(* classic m-riffle: m piles, none reversed *)
Definition y_plus n m (pi : 'S_n) : rat := riffle_prob m (fun _ => false) pi.
(* down-up m-riffle: 2m piles, piles 1,3,5,... (1-indexed) i.e. 0,2,4,... (0-indexed) reversed *)
Definition y_star n m (pi : 'S_n) : rat := riffle_prob (2 * m) (fun k => ~~ odd k) pi.
(* up-down m-riffle: 2m+1 piles, piles 2,4,6,... (1-indexed) i.e. 1,3,5,... (0-indexed) reversed *)
Definition y_lazy n m (pi : 'S_n) : rat := riffle_prob (2 * m + 1) (fun k => odd k) pi.

From mathcomp Require Import all_boot all_order all_algebra all_fingroup.
From mathcomp Require Import zify.
Set Implicit Arguments. Unset Strict Implicit. Unset Printing Implicit Defensive.
Import Order.TTheory GRing.Theory Num.Theory.

(* Each shuffle, and each pi-partition, assigns a key to every card (for the
   riffles: to every position), and the outcome is the enumeration sorted in the keyed
   order: smaller keys first, ties broken by increasing index, except for the keys
   in a "reversed" class (odd keys, or the reversed piles of a riffle) where the
   index decreases.  A card put on top of shelf j gets key 2j-1, one put below gets
   2j.  A pi-partition f keys card i by the rank of f(i) in 0, -1, 1, -2, 2, ...,
   whose odd ranks are the negative values, and f is a pi-partition exactly when pi
   lists the cards in keyed order.  In a riffle with pile word w, position i
   receives the card numbered by the rank of i in the keyed order of positions, so
   the deck is pi exactly when pi^-1 lists the positions in keyed order; the
   multinomial weight of the cut cancels the uniform choice of interleaving, so each
   word w has probability r^-n.  All probabilities thus become counts of key
   functions under which a fixed enumeration is sorted, and a monotone relabelling
   of the keys matches the counts. *)

Lemma card_set_orb (T : finType) (P Q : pred T) : (forall x, P x -> ~~ Q x) ->
  #|[set x | P x || Q x]| = #|[set x | P x]| + #|[set x | Q x]|.
Proof.
move=> PQ; rewrite -cardsUI.
have -> : [set x | P x] :&: [set x | Q x] = set0.
  by apply/setP => x; rewrite !inE; case: (boolP (P x)) => // /PQ/negPf.
by rewrite cards0 addn0; apply: eq_card => x; rewrite !inE.
Qed.
(* For any finite quasi-discrete closure model $\mathcal{M}=((X,\mathcal{C}_R),\mathcal{V})$, any SLCS formula $\phi$ and any $x\in X$: $x\in\mathtt{Sat}(\mathcal{M},\phi)$ if and only if $\mathcal{M},x\models\phi$.
   Context: For $R\subseteq X\times X$, $\mathcal{C}_R(A)=A\cup\{x\mid\exists a\in A.(a,x)\in R\}$; a finite quasi-discrete closure model is $((X,\mathcal{C}_R),\mathcal{V})$ with $X$ finite and $\mathcal{V}:AP\to 2^X$. Paths are continuous maps $p:(\mathbb{N},\mathcal{C}_\succ)\to(X,\mathcal{C}_R)$, where $\succ=\{(n,n+1)\}$ and continuity means $p(\mathcal{C}_\succ(S))\subseteq\mathcal{C}_R(p(S))$ for all $S\subseteq\mathbb{N}$. SLCS formulas: $\Phi::=a\mid\top\mid\lnot\Phi\mid\Phi\land\Phi\mid\mathcal{N}\Phi\mid\Phi\,\mathcal{S}\,\Phi\mid\Phi\rightsquigarrow\Phi$. Semantics: $x\models a$ iff $x\in\mathcal{V}(a)$; boolean connectives classically; $x\models\mathcal{N}\phi$ iff $x\in\mathcal{C}_R(\{y\mid y\models\phi\})$; $x\models\phi_1\,\mathcal{S}\,\phi_2$ iff $x\models\phi_1$ and for every path $p$ with $p(0)=x$ and every $l\in\mathbb{N}$, if $p(l)\models\lnot\phi_1$ then some $k$ with $0<k\le l$ has $p(k)\models\phi_2$; $x\models\phi_1\rightsquigarrow\phi_2$ iff $x\models\phi_2$ and there exist $y$, a path $p$ and $l$ with $p(0)=y$, $p(l)=x$, $y\models\phi_1$ and $p(i)\models\phi_2$ for all $0<i<l$. Let $\mathit{pre}(x)=\{y\mid(y,x)\in R\}$, $\mathit{post}(x)=\{y\mid(x,y)\in R\}$. The procedure $\mathtt{Sat}(\mathcal{M},\phi)$ is defined recursively: $\top\mapsto X$; $a\mapsto\mathcal{V}(a)$; $\lnot\phi_1\mapsto X\setminus\mathtt{Sat}(\mathcal{M},\phi_1)$; $\phi_1\land\phi_2\mapsto\mathtt{Sat}(\mathcal{M},\phi_1)\cap\mathtt{Sat}(\mathcal{M},\phi_2)$; $\mathcal{N}\phi_1\mapsto\mathcal{C}_R(\mathtt{Sat}(\mathcal{M},\phi_1))$. For $\phi_1\,\mathcal{S}\,\phi_2$: $V:=\mathtt{Sat}(\mathcal{M},\phi_1)$, $Q:=\mathtt{Sat}(\mathcal{M},\phi_2)$, $T:=\mathcal{C}_R(V\cup Q)\setminus(V\cup Q)$; while $T\neq\emptyset$: $T':=\emptyset$, for each $x\in T$ let $N:=\mathit{pre}(x)\cap V$, set $V:=V\setminus N$, $T':=T'\cup(N\setminus Q)$; then $T:=T'$; return $V$. For $\phi_1\rightsquigarrow\phi_2$: $V:=\mathtt{Sat}(\mathcal{M},\phi_1)$, $Q:=\mathtt{Sat}(\mathcal{M},\phi_2)$, $T:=\mathcal{C}_R(V)\cap Q$, $S:=T$, $Q:=Q\setminus T$; while $T\neq\emptyset$: $T':=\emptyset$, for each $x\in T$ set $T':=T'\cup(Q\cap\mathit{post}(x))$; then $Q:=Q\setminus T'$, $S:=S\cup T'$, $T:=T'$; return $S$. *)

From mathcomp Require Import all_boot.
Set Implicit Arguments.
Unset Strict Implicit.
Unset Printing Implicit Defensive.

Definition clos {T : Type} (r : T -> T -> Prop) (A : T -> Prop) : T -> Prop :=
  fun x => A x \/ exists a, A a /\ r a x.

Definition succ_rel (n m : nat) : Prop := m = n.+1.

Section Model.
Variables (X : finType) (R : rel X).

(* Continuous map (nat, C_succ) -> (X, C_R):  p(C_succ(S)) ⊆ C_R(p(S)). *)
Definition is_path (p : nat -> X) : Prop :=
  forall (S : nat -> Prop) (y : X),
    (exists n, clos succ_rel S n /\ p n = y) ->
    clos (fun a b => R a b) (fun z => exists m, S m /\ p m = z) y.

Definition CRs (A : {set X}) : {set X} :=
  A :|: [set x | [exists a in A, R a x]].

Definition pre (x : X) : {set X} := [set y | R y x].
Definition post (x : X) : {set X} := [set y | R x y].
End Model.

Inductive formula (AP : Type) : Type :=
  | FAtom of AP
  | FTop
  | FNot of formula AP
  | FAnd of formula AP & formula AP
  | FNear of formula AP
  | FSurr of formula AP & formula AP
  | FReach of formula AP & formula AP.
(* A right inverse [b] of [c] would give [c^n b^n = 1] for all [n], whence
   [c = c^(N+1) b^N = c^N b^N = 1] by aperiodicity. *)
Lemma one_notin_ldiv_set : c != one -> one \notin ldiv_set.
Proof.
move=> c1; apply/negP => /ldiv_setP[[b cb1] _]; case: aperM => N aperN.
have pow1 n : mpow one mul c n * mpow one mul b n = one.
  elim: n => [|n IHn]; first by rewrite mulm1.
  by rewrite mpowSr [mpow _ _ c _]/= -mulA (mulA _ b) -cb1 mul1.
move: c1; rewrite -(pow1 N) aperN [mpow _ _ c _]/= -mulA pow1 mulm1.
by rewrite eqxx.
Qed.

Lemma card_ldiv : c != one -> #|{: ldiv}| < #|M|.
Proof.
move=> c1; rewrite card_sig (eq_card (B := ldiv_set)) // -cardsT.
by apply: proper_card; rewrite properT; apply: contraNneq (one_notin_ldiv_set c1) => ->.
Qed.

End LocalDivisor.

Section Factorization.
Variables (M : finType) (one : M) (mul : M -> M -> M).
Hypotheses (mulA : associative mul) (mul1 : left_id one mul) (mulm1 : right_id one mul).
Variable c : M.
Local Notation "x * y" := (mul x y).
Local Notation ldiv := (ldiv mul c).
Local Notation ld1 := (ld1 mul1 mulm1 c).
Local Notation ldmul := (ldmul mul1 mulm1 (c:=c)).
Local Notation ldblock := (ldblock mul1 mulm1 c).
Let ldmulA := @ldmulA M one mul mulA mul1 mulm1 c.
Let ld1mul := @ld1mul M one mul mulA mul1 mulm1 c.
Let ldmul1 := @ldmul1 M one mul mulA mul1 mulm1 c.

Variables (C : {set M}) (FB : nat -> nat -> M -> form M) (FC : nat -> nat -> ldiv -> form ldiv).
Hypothesis FBP : forall x y m (D : pred nat) (lab : nat -> M),
  (forall k, D k -> lab k \in C :\ c) ->
  forall nu, holds D lab nu (FB x y m) <-> iprod one mul D lab (nu x) (nu y) = m.
Hypothesis FCP : forall x y e (D : pred nat) (lab : nat -> ldiv) nu,
  holds D lab nu (FC x y e) <-> iprod ld1 ldmul D lab (nu x) (nu y) = e.

Definition is_c (v : nat) : form M := Lab c v.

Definition avoid_c (f : form M) : form M := translate (fun v => Not (is_c v)) (@Lab M) f.

(* Bound variables are taken above the free ones, so that no quantifier captures them. *)
Definition no_c_between (x y : nat) : form M :=
  let w := (maxn x y).+1 in Not (Ex w (And (Lt x w) (And (Lt w y) (is_c w)))).

Definition no_c_upto (x y : nat) : form M :=
  let w := (maxn x y).+1 in Not (Ex w (And (Lt x w) (And (Le w y) (is_c w)))).

Definition no_c_before (x : nat) : form M := Not (Ex x.+1 (And (Lt x.+1 x) (is_c x.+1))).

Definition block_after_c (b : ldiv) (x : nat) : form M :=
  let z := x.+1 in
  Ex z (And (Lt z x) (And (is_c z) (And (no_c_between z x)
    (OrL [seq avoid_c (FB z x w) | w <- enum M & ldblock w == b])))).

Definition block_label (b : ldiv) (x : nat) : form M :=
  Or (block_after_c b x) (And (no_c_before x) (if b == ld1 then Tru else Fls)).

Definition via_ldiv (f : form ldiv) : form M := translate is_c block_label f.

Definition first_c (x y p : nat) : form M :=
  And (Lt x p) (And (Le p y) (And (is_c p) (no_c_between x p))).

Definition last_c (x y q : nat) : form M :=
  And (Lt x q) (And (Le q y) (And (is_c q) (no_c_upto q y))).

Definition split_prod (x y p q : nat) (m : M) : form M :=
  OrL [seq And (avoid_c (FB x p t.1.1)) (And (via_ldiv (FC p q t.1.2)) (avoid_c (FB q y t.2)))
      | t <- enum {: M * ldiv * M} & t.1.1 * val t.1.2 * t.2 == m].

Definition c_factorization (x y : nat) (m : M) : form M :=
  let p := (maxn x y).+1 in let q := p.+1 in
  Ex p (Ex q (And (first_c x y p) (And (last_c x y q) (split_prod x y p q m)))).

Definition iprod_form (x y : nat) (m : M) : form M :=
  Or (And (no_c_upto x y) (avoid_c (FB x y m))) (c_factorization x y m).

Section Structure.
Variables (D : pred nat) (lab : nat -> M).
Hypothesis labC : forall k, D k -> lab k \in C.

Task item: Write out exactly the lines above from the line with "Import Order.TTheory GRing.Theory Num.Theory." through the line with "put below gets", both of them included, and leave out all other lines.

Output of the task:
Import Order.TTheory GRing.Theory Num.Theory.

(* Each shuffle, and each pi-partition, assigns a key to every card (for the
   riffles: to every position), and the outcome is the enumeration sorted in the keyed
   order: smaller keys first, ties broken by increasing index, except for the keys
   in a "reversed" class (odd keys, or the reversed piles of a riffle) where the
   index decreases.  A card put on top of shelf j gets key 2j-1, one put below gets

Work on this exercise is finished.